• _Problem_: Below is a listing. Write out exactly its lines between the one holding "Variable D : rel V." and the one holding "by rewrite /fold5;", inclusive.

=== Extracted entries ===

(* Let $\vec G$ be a directed graph whose underlying graph $G$ is bipartite (and simple), and let $M$ be a set of edges of $\vec G$ such that for every vertex $v$ of $\vec G$ there is at least one edge of $M$ directed into $v$. If $\vec G$ admits an $M$-complete $\{P_5,T_5\}$-decomposition, then $\vec G$ (and hence $G$) admits a decomposition into paths of length $5$.
   Context: A directed graph is a graph together with an orientation of its edges; edges are ordered pairs $(a,b)$ written $ab$ (directed from $a$ to $b$). Trails and paths in a directed graph are trails and paths of the underlying undirected graph (orientations ignored). $P_5$ is the path of length $5$ (five edges). $T_5$ is the unique bipartite trail of length $5$ that is not a path, i.e. a trail $v_0v_1v_2v_3v_4v_5$ with all of $v_0,\dots,v_4$ distinct and $v_5=v_1$. A $\{P_5,T_5\}$-decomposition of $\vec G$ is a partition of its edge set into edge sets of subgraphs each of which is a copy of $P_5$ or of $T_5$. Given such a decomposition $\mathcal D$, an edge $ab$ is inward in $\mathcal D$ if, for the element $T\in\mathcal D$ containing $ab$, $d_T(a)=1$. $\mathcal D$ is $M$-complete if every edge of $M$ is inward in $\mathcal D$. *)

From mathcomp Require Import all_boot.
Set Implicit Arguments. Unset Strict Implicit. Unset Printing Implicit Defensive.

(* A directed graph on a finite vertex type V is a relation D : rel V;
   D a b means the (directed) edge ab, from a to b, is present. *)

(* Underlying graph is simple: no loops, and no pair of opposite arcs
   (which would give parallel edges in the underlying graph). *)
Definition simple_digraph (V : finType) (D : rel V) : Prop :=
  (forall a, ~~ D a a) /\ (forall a b, D a b -> ~~ D b a).

Definition bipartite_digraph (V : finType) (D : rel V) : Prop :=
  exists c : V -> bool, forall a b, D a b -> c a != c b.

(* A trail of length 5 is given by its vertex sequence v_0 ... v_5. *)
Definition walk5 (V : finType) := {ffun 'I_6 -> V}.
Definition wv (V : finType) (w : walk5 V) (i : nat) : V := w (inord i).

Definition edges_in (V : finType) (D : rel V) (w : walk5 V) : Prop :=
  forall i, i < 5 -> D (wv w i) (wv w i.+1) || D (wv w i.+1) (wv w i).

Definition isP5 (V : finType) (D : rel V) (w : walk5 V) : Prop :=
  edges_in D w /\ (forall i j, i < 6 -> j < 6 -> wv w i = wv w j -> i = j).

Definition isT5 (V : finType) (D : rel V) (w : walk5 V) : Prop :=
  edges_in D w /\ (forall i j, i < 5 -> j < 5 -> wv w i = wv w j -> i = j)
  /\ wv w 5 = wv w 1.

Definition step_is (V : finType) (w : walk5 V) (i : nat) (a b : V) : bool :=
  ((wv w i == a) && (wv w i.+1 == b)) || ((wv w i == b) && (wv w i.+1 == a)).

Definition uses (V : finType) (w : walk5 V) (a b : V) : nat :=
  count (fun i => step_is w i a b) (iota 0 5).

Definition deg_in (V : finType) (w : walk5 V) (x : V) : nat :=
  count (fun i => (wv w i == x) || (wv w i.+1 == x)) (iota 0 5).

Definition partitions (V : finType) (D : rel V) (F : seq (walk5 V)) : Prop :=
  forall a b, D a b -> sumn (map (fun w => uses w a b) F) = 1.

Definition PT_decomposition (V : finType) (D : rel V) (F : seq (walk5 V)) : Prop :=
  (forall w, w \in F -> isP5 D w \/ isT5 D w) /\ partitions D F.

Definition P5_decomposition (V : finType) (D : rel V) (F : seq (walk5 V)) : Prop :=
  (forall w, w \in F -> isP5 D w) /\ partitions D F.

(* edge ab is inward: in the element T containing ab, d_T(a) = 1 *)
Definition M_complete (V : finType) (D M : rel V) (F : seq (walk5 V)) : Prop :=
  forall a b, M a b -> forall w, w \in F -> 0 < uses w a b -> deg_in w a = 1.

From mathcomp Require Import all_boot zify.

(* Induct on the number of copies of T_5.  Let X = x0 v p s q v be one of them and
   up an edge of M; by M-completeness u is an end of the element W = u p y2 y3 y4 y5
   containing up.  Replacing X and W by the path u p s q v x0 and the walk
   v p y2 y3 y4 y5 keeps the decomposition M-complete and destroys the T_5 X, unless
   y4 = v (bipartiteness rules out every other coincidence of vertices).  In that
   case the second walk is the T_5 y5 v y3 y2 p v and we start again at y3.  The
   vertices p, y3, ... met around v are distinct, each coming with its own P_5 of
   the original decomposition having v as its vertex 4, so this stops. *)

Set Implicit Arguments. Unset Strict Implicit. Unset Printing Implicit Defensive.

Arguments wv : simpl never.

Section Walks.
Variable V : finType.
Implicit Types (w : walk5 V) (a b x y : V).

Definition mk6 (a0 a1 a2 a3 a4 a5 : V) : walk5 V :=
  [ffun i : 'I_6 => nth a0 [:: a0; a1; a2; a3; a4; a5] i].

Lemma wv_mk6 a0 a1 a2 a3 a4 a5 i : i < 6 ->
  wv (mk6 a0 a1 a2 a3 a4 a5) i = nth a0 [:: a0; a1; a2; a3; a4; a5] i.
Proof. by move=> lt_i6; rewrite /wv ffunE inordK. Qed.

Lemma wvE a0 a1 a2 a3 a4 a5 :
  (wv (mk6 a0 a1 a2 a3 a4 a5) 0 = a0) * (wv (mk6 a0 a1 a2 a3 a4 a5) 1 = a1)
  * (wv (mk6 a0 a1 a2 a3 a4 a5) 2 = a2) * (wv (mk6 a0 a1 a2 a3 a4 a5) 3 = a3)
  * (wv (mk6 a0 a1 a2 a3 a4 a5) 4 = a4) * (wv (mk6 a0 a1 a2 a3 a4 a5) 5 = a5).
Proof. by rewrite !wv_mk6. Qed.

Lemma mk6_wv w : w = mk6 (wv w 0) (wv w 1) (wv w 2) (wv w 3) (wv w 4) (wv w 5).
Proof.
apply/ffunP => i; rewrite ffunE.
have -> : i = inord i by apply/val_inj; rewrite /= inordK.
by rewrite inordK //; case: (nat_of_ord i) (ltn_ord i) => [|[|[|[|[|[|]]]]]].
Qed.

Definition rev5 w := mk6 (wv w 5) (wv w 4) (wv w 3) (wv w 2) (wv w 1) (wv w 0).

Definition joins x y a b : bool := ((x == a) && (y == b)) || ((x == b) && (y == a)).

Lemma joinsC x y a b : joins x y a b = joins y x a b.
Proof. by rewrite /joins; case: (x == a) (x == b) (y == a) (y == b) => [] [] [] []. Qed.

Lemma joins_sym x y a b : joins x y a b = joins x y b a.
Proof. by rewrite /joins orbC. Qed.

Lemma usesE w a b : uses w a b =
  joins (wv w 0) (wv w 1) a b + joins (wv w 1) (wv w 2) a b
  + joins (wv w 2) (wv w 3) a b + joins (wv w 3) (wv w 4) a b
  + joins (wv w 4) (wv w 5) a b.
Proof. by rewrite /uses /step_is /joins /= addn0 !addnA. Qed.

Lemma degE w x : deg_in w x =
  ((wv w 0 == x) || (wv w 1 == x)) + ((wv w 1 == x) || (wv w 2 == x))
  + ((wv w 2 == x) || (wv w 3 == x)) + ((wv w 3 == x) || (wv w 4 == x))
  + ((wv w 4 == x) || (wv w 5 == x)).
Proof. by rewrite /deg_in /= addn0 !addnA. Qed.

Lemma usesC w a b : uses w a b = uses w b a.
Proof. by rewrite !usesE !(joins_sym _ _ a b). Qed.

Lemma uses_rev5 w a b : uses (rev5 w) a b = uses w a b.
Proof.
rewrite !usesE !wvE (joinsC (wv w 5) (wv w 4)) (joinsC (wv w 4) (wv w 3)).
rewrite (joinsC (wv w 3) (wv w 2)) (joinsC (wv w 2) (wv w 1)).
by rewrite (joinsC (wv w 1) (wv w 0)); lia.
Qed.

Lemma uses_gt0P w a b : 0 < uses w a b -> exists2 i, i < 5 & step_is w i a b.
Proof.
rewrite /uses -has_count => /hasP [i]; rewrite mem_iota => /andP [_ lt_i5].
by exists i.
Qed.

Lemma uses_step w i : i < 5 -> 0 < uses w (wv w i) (wv w i.+1).
Proof.
move=> lt_i5; rewrite /uses -has_count; apply/hasP; exists i.
  by rewrite mem_iota.
by rewrite /step_is !eqxx.
Qed.

Section StepsOfMk6.
Variables a0 a1 a2 a3 a4 a5 : V.
Let w := mk6 a0 a1 a2 a3 a4 a5.
Lemma uses_mk6_01 : 0 < uses w a0 a1.
Proof. by have := @uses_step w 0; rewrite !wvE; apply. Qed.
Lemma uses_mk6_12 : 0 < uses w a1 a2.
Proof. by have := @uses_step w 1; rewrite !wvE; apply. Qed.
Lemma uses_mk6_23 : 0 < uses w a2 a3.
Proof. by have := @uses_step w 2; rewrite !wvE; apply. Qed.
Lemma uses_mk6_34 : 0 < uses w a3 a4.
Proof. by have := @uses_step w 3; rewrite !wvE; apply. Qed.
Lemma uses_mk6_45 : 0 < uses w a4 a5.
Proof. by have := @uses_step w 4; rewrite !wvE; apply. Qed.
End StepsOfMk6.

Variable D : rel V.
Local Notation adj a b := (D a b || D b a).
Local Notation PT w := (isP5 D w \/ isT5 D w).

Lemma P5_eq w i j : isP5 D w -> i < 6 -> j < 6 -> (wv w i == wv w j) = (i == j).
Proof. by case=> _ inj_w lt_i lt_j; apply/eqP/eqP => [/inj_w|->]; auto. Qed.

Definition fold5 (i : nat) := if i == 5 then 1 else i.

Lemma T5_eq w i j : isT5 D w -> i < 6 -> j < 6 ->
  (wv w i == wv w j) = (fold5 i == fold5 j).
Proof.
case=> _ [inj_w w51] lt_i lt_j.
have fold5P k : k < 6 -> wv w k = wv w (fold5 k) /\ fold5 k < 5.
  by rewrite /fold5; case: eqP => [->|ne_k5] lt_k; split => //; lia.
have [-> lt_i'] := fold5P i lt_i; have [-> lt_j'] := fold5P j lt_j.
by apply/eqP/eqP => [/inj_w|->]; auto.
Qed.

Lemma P5_not_T5 w : isP5 D w -> wv w 5 != wv w 1.
Proof. by move=> Pw; rewrite (P5_eq Pw). Qed.

Lemma uniq_P5 w : isP5 D w ->
  uniq [:: wv w 0; wv w 1; wv w 2; wv w 3; wv w 4; wv w 5].
Proof. by move=> Pw; rewrite /= !inE !(P5_eq Pw). Qed.

Lemma uniq_T5 w : isT5 D w -> uniq [:: wv w 0; wv w 1; wv w 2; wv w 3; wv w 4].
Proof. by move=> Tw; rewrite /= !inE !(T5_eq Tw). Qed.

Lemma isP5_mk6 a0 a1 a2 a3 a4 a5 : uniq [:: a0; a1; a2; a3; a4; a5] ->
  adj a0 a1 -> adj a1 a2 -> adj a2 a3 -> adj a3 a4 -> adj a4 a5 ->
  isP5 D (mk6 a0 a1 a2 a3 a4 a5).
Proof.
move=> U e01 e12 e23 e34 e45; split.
  by move=> [|[|[|[|[|i]]]]] //= _; rewrite !wvE.
by move=> i j lt_i lt_j; rewrite !wv_mk6 // => /eqP; rewrite nth_uniq // => /eqP.
Qed.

===

• _Result of this exercise_:
Variable D : rel V.
Local Notation adj a b := (D a b || D b a).
Local Notation PT w := (isP5 D w \/ isT5 D w).

Lemma P5_eq w i j : isP5 D w -> i < 6 -> j < 6 -> (wv w i == wv w j) = (i == j).
Proof. by case=> _ inj_w lt_i lt_j; apply/eqP/eqP => [/inj_w|->]; auto. Qed.

Definition fold5 (i : nat) := if i == 5 then 1 else i.

Lemma T5_eq w i j : isT5 D w -> i < 6 -> j < 6 ->
  (wv w i == wv w j) = (fold5 i == fold5 j).
Proof.
case=> _ [inj_w w51] lt_i lt_j.
have fold5P k : k < 6 -> wv w k = wv w (fold5 k) /\ fold5 k < 5.
  by rewrite /fold5; case: eqP => [->|ne_k5] lt_k; split => //; lia.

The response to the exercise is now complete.